_Activity_. Restate word for word the lines of the records below, starting at the line that contains "assert (hsum : sumR" and ending at the line that contains "- intros. rewrite", with both of those lines included and nothing else.

[Collected data entries]

┄┄┄┄┄┄┄┄┄┄┄┄┄┄┄┄┄┄┄┄

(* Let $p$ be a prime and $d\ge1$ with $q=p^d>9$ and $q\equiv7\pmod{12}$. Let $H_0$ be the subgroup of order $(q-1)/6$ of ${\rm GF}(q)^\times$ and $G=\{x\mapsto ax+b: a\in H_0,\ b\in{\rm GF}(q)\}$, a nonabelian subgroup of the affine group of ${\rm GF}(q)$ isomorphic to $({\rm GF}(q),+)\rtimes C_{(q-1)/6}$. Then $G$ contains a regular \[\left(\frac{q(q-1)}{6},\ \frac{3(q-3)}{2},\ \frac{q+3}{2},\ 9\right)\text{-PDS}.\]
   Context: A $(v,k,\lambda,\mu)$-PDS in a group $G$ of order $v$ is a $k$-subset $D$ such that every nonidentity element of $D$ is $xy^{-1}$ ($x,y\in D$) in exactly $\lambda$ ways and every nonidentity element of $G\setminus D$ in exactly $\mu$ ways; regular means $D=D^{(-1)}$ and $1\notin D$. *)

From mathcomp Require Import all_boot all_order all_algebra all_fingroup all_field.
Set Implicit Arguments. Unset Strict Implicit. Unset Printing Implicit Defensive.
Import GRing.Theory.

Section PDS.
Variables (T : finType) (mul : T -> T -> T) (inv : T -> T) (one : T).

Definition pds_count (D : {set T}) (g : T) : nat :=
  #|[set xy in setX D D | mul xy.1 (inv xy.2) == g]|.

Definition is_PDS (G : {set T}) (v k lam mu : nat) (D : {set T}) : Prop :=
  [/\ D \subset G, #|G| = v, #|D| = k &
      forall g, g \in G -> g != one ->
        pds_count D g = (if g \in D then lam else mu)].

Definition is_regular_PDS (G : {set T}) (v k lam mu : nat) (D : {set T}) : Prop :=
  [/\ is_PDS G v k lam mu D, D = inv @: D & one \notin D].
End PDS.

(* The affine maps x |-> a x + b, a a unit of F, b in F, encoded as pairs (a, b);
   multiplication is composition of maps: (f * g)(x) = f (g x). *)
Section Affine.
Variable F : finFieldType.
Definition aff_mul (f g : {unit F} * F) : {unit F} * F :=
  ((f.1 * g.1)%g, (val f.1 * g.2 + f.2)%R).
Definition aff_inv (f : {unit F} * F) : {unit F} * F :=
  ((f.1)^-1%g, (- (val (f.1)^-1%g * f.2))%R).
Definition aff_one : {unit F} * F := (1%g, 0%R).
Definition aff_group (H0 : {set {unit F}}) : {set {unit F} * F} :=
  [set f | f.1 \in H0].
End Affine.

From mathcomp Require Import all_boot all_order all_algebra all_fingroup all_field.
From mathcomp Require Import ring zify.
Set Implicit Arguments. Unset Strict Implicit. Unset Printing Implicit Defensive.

┄┄┄┄┄┄┄┄┄┄┄┄┄┄┄┄┄┄┄┄

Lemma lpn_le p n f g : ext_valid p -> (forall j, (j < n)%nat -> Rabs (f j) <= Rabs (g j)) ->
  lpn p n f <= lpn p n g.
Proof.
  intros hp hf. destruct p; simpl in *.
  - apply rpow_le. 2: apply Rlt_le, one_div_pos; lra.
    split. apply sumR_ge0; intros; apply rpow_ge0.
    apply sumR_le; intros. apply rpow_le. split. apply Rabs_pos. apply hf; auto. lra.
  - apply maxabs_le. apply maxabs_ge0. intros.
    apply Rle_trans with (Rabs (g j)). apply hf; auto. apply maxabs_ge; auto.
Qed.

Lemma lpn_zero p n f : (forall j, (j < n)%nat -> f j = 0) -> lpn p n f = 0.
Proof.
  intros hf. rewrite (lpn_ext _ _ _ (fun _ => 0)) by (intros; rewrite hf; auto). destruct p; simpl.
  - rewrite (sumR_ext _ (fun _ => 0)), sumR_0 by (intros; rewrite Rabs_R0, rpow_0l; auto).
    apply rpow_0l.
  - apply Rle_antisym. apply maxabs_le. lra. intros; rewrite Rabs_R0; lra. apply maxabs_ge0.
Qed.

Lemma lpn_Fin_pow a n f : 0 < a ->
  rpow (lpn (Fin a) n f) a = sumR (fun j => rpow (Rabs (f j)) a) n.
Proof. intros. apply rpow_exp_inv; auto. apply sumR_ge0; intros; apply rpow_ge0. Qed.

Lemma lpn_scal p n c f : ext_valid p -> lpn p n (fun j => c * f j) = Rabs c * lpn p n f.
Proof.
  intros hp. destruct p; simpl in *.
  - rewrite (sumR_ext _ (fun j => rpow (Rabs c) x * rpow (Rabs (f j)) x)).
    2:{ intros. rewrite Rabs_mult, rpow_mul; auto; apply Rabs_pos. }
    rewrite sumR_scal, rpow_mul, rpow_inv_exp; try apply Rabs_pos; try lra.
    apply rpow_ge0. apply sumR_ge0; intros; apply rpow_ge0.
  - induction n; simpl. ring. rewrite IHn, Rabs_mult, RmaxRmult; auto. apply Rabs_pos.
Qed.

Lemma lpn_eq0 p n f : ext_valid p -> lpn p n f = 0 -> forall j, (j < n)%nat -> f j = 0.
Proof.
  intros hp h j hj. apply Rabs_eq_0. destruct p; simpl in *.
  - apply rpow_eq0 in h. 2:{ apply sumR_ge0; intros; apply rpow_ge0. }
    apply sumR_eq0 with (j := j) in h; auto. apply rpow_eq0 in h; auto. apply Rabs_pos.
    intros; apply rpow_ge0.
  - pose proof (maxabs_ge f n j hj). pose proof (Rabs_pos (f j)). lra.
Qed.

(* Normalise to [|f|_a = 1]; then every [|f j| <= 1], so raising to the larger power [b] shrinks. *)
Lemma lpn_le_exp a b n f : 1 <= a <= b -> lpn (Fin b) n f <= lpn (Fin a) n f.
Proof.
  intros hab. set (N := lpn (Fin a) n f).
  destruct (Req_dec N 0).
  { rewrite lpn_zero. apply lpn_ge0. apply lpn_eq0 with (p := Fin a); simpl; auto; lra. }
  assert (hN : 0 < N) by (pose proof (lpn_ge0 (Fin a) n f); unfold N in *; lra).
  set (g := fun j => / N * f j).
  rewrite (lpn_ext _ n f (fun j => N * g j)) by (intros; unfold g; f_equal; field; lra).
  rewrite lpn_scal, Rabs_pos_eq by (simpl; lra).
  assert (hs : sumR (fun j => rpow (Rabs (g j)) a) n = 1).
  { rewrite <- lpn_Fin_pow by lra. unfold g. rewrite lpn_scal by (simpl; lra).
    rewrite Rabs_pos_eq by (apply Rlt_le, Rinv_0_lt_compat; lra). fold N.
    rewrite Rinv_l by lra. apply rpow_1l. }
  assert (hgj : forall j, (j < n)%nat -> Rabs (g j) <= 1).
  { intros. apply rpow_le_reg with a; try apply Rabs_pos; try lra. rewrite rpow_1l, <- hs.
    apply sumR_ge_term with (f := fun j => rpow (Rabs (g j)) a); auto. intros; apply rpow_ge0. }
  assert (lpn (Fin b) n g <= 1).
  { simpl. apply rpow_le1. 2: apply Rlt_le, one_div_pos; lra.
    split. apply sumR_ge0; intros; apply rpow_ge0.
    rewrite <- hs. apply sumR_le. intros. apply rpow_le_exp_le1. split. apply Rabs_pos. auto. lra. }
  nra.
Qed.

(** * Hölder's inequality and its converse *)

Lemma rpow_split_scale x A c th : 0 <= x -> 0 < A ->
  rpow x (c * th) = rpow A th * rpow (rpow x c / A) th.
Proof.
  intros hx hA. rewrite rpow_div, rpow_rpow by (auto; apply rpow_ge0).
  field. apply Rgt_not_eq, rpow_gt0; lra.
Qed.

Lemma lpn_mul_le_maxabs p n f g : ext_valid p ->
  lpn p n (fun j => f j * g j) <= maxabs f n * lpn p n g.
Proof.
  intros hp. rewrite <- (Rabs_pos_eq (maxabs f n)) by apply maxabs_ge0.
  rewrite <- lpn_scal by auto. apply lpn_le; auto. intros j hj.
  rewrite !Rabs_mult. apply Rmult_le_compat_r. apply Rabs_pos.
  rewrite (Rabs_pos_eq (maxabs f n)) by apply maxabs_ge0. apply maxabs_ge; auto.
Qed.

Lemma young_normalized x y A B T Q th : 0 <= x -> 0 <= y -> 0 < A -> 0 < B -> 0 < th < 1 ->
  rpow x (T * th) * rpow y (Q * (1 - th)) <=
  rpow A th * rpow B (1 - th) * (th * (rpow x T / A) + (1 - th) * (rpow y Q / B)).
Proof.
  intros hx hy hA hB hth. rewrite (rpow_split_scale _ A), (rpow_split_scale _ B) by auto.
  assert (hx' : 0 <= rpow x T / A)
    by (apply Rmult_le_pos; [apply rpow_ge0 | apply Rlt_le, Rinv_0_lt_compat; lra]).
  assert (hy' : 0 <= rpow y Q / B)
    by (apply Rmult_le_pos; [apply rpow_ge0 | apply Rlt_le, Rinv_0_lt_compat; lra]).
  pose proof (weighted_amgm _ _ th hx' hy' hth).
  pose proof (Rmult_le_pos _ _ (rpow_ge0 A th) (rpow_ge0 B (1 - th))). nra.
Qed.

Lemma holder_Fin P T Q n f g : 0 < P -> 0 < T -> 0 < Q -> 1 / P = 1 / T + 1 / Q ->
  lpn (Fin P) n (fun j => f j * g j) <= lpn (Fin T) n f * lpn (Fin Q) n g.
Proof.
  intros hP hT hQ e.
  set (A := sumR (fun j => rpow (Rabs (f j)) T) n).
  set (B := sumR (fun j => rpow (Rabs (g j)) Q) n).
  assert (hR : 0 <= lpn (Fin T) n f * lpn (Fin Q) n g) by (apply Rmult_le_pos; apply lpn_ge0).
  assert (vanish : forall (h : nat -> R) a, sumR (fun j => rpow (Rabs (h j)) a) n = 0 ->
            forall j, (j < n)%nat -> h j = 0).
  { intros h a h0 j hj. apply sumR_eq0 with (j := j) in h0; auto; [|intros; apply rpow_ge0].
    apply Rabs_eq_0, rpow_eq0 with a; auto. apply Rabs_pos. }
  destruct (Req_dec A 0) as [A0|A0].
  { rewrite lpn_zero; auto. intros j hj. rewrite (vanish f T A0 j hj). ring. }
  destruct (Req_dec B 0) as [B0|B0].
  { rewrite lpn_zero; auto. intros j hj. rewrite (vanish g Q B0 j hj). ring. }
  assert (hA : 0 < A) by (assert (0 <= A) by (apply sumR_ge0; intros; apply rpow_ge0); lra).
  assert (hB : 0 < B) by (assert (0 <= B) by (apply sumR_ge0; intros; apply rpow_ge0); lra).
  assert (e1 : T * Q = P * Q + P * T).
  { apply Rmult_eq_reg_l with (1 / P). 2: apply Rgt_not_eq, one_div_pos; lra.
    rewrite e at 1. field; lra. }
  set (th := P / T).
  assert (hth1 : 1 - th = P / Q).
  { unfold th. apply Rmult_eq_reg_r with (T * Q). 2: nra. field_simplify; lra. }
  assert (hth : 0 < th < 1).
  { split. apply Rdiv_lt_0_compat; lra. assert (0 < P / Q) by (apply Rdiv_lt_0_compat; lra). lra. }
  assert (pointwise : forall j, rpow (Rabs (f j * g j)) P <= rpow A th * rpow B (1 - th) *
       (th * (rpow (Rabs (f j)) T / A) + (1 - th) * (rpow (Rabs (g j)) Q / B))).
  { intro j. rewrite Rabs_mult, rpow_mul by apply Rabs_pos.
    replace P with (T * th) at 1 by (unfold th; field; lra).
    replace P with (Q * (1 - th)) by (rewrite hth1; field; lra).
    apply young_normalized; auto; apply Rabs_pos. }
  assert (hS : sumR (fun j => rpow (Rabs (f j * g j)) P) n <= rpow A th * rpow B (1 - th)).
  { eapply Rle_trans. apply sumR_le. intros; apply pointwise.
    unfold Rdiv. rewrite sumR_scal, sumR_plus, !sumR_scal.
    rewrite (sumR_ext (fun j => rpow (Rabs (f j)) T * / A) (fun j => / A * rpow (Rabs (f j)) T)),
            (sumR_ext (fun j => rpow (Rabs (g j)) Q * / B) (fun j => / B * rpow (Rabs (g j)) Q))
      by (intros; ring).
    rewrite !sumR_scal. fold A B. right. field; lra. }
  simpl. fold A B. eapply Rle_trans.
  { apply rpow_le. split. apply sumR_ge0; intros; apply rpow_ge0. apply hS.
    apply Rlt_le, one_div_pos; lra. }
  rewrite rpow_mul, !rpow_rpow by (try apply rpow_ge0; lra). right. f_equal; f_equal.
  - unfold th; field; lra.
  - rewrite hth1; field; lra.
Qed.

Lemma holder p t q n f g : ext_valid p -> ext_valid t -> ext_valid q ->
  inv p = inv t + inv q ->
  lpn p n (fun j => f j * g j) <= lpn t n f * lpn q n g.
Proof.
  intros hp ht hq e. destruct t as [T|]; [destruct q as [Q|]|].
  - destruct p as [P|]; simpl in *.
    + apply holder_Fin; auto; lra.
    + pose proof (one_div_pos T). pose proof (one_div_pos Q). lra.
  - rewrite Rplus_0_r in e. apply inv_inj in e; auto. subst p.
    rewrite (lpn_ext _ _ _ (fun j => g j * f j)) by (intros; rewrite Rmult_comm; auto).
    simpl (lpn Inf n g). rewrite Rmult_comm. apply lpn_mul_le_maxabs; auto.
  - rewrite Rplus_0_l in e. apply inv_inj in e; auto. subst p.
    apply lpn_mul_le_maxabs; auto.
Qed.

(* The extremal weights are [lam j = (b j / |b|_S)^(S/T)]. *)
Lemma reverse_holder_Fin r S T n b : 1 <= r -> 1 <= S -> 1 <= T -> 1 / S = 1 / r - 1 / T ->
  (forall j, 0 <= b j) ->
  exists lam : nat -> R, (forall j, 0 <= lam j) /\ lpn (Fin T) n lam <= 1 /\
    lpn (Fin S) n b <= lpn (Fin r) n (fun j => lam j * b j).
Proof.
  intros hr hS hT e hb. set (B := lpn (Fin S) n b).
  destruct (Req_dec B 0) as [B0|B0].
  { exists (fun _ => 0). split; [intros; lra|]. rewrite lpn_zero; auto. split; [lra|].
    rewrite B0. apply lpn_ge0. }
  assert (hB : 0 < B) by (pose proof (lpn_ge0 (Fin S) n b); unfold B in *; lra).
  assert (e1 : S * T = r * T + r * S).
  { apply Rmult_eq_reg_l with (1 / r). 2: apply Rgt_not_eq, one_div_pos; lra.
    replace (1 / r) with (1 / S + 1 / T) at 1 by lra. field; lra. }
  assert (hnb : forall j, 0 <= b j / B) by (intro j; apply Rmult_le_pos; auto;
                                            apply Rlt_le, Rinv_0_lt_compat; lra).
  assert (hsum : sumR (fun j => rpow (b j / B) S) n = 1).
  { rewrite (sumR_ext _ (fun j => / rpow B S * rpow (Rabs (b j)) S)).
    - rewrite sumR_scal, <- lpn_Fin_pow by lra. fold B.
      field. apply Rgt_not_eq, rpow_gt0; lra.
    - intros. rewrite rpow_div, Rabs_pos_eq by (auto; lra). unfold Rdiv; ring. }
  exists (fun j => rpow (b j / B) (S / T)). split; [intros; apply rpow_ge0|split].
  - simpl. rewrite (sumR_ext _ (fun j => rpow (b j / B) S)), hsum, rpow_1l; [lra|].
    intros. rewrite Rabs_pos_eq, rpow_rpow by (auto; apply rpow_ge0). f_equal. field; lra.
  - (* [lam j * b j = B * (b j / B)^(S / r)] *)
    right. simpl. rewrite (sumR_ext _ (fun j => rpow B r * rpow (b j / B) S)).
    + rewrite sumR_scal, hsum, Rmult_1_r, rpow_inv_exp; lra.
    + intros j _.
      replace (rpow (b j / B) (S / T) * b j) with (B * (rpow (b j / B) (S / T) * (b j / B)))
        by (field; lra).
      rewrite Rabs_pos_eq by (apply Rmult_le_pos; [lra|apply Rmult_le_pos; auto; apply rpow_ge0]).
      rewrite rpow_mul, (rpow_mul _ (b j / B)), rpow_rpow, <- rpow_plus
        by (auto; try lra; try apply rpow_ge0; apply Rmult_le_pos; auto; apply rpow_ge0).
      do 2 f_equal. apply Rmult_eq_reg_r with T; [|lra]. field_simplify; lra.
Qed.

┄┄┄┄┄┄┄┄┄┄┄┄┄┄┄┄┄┄┄┄

_Finished exercise_.
  assert (hsum : sumR (fun j => rpow (b j / B) S) n = 1).
  { rewrite (sumR_ext _ (fun j => / rpow B S * rpow (Rabs (b j)) S)).
    - rewrite sumR_scal, <- lpn_Fin_pow by lra. fold B.
      field. apply Rgt_not_eq, rpow_gt0; lra.
    - intros. rewrite rpow_div, Rabs_pos_eq by (auto; lra). unfold Rdiv; ring. }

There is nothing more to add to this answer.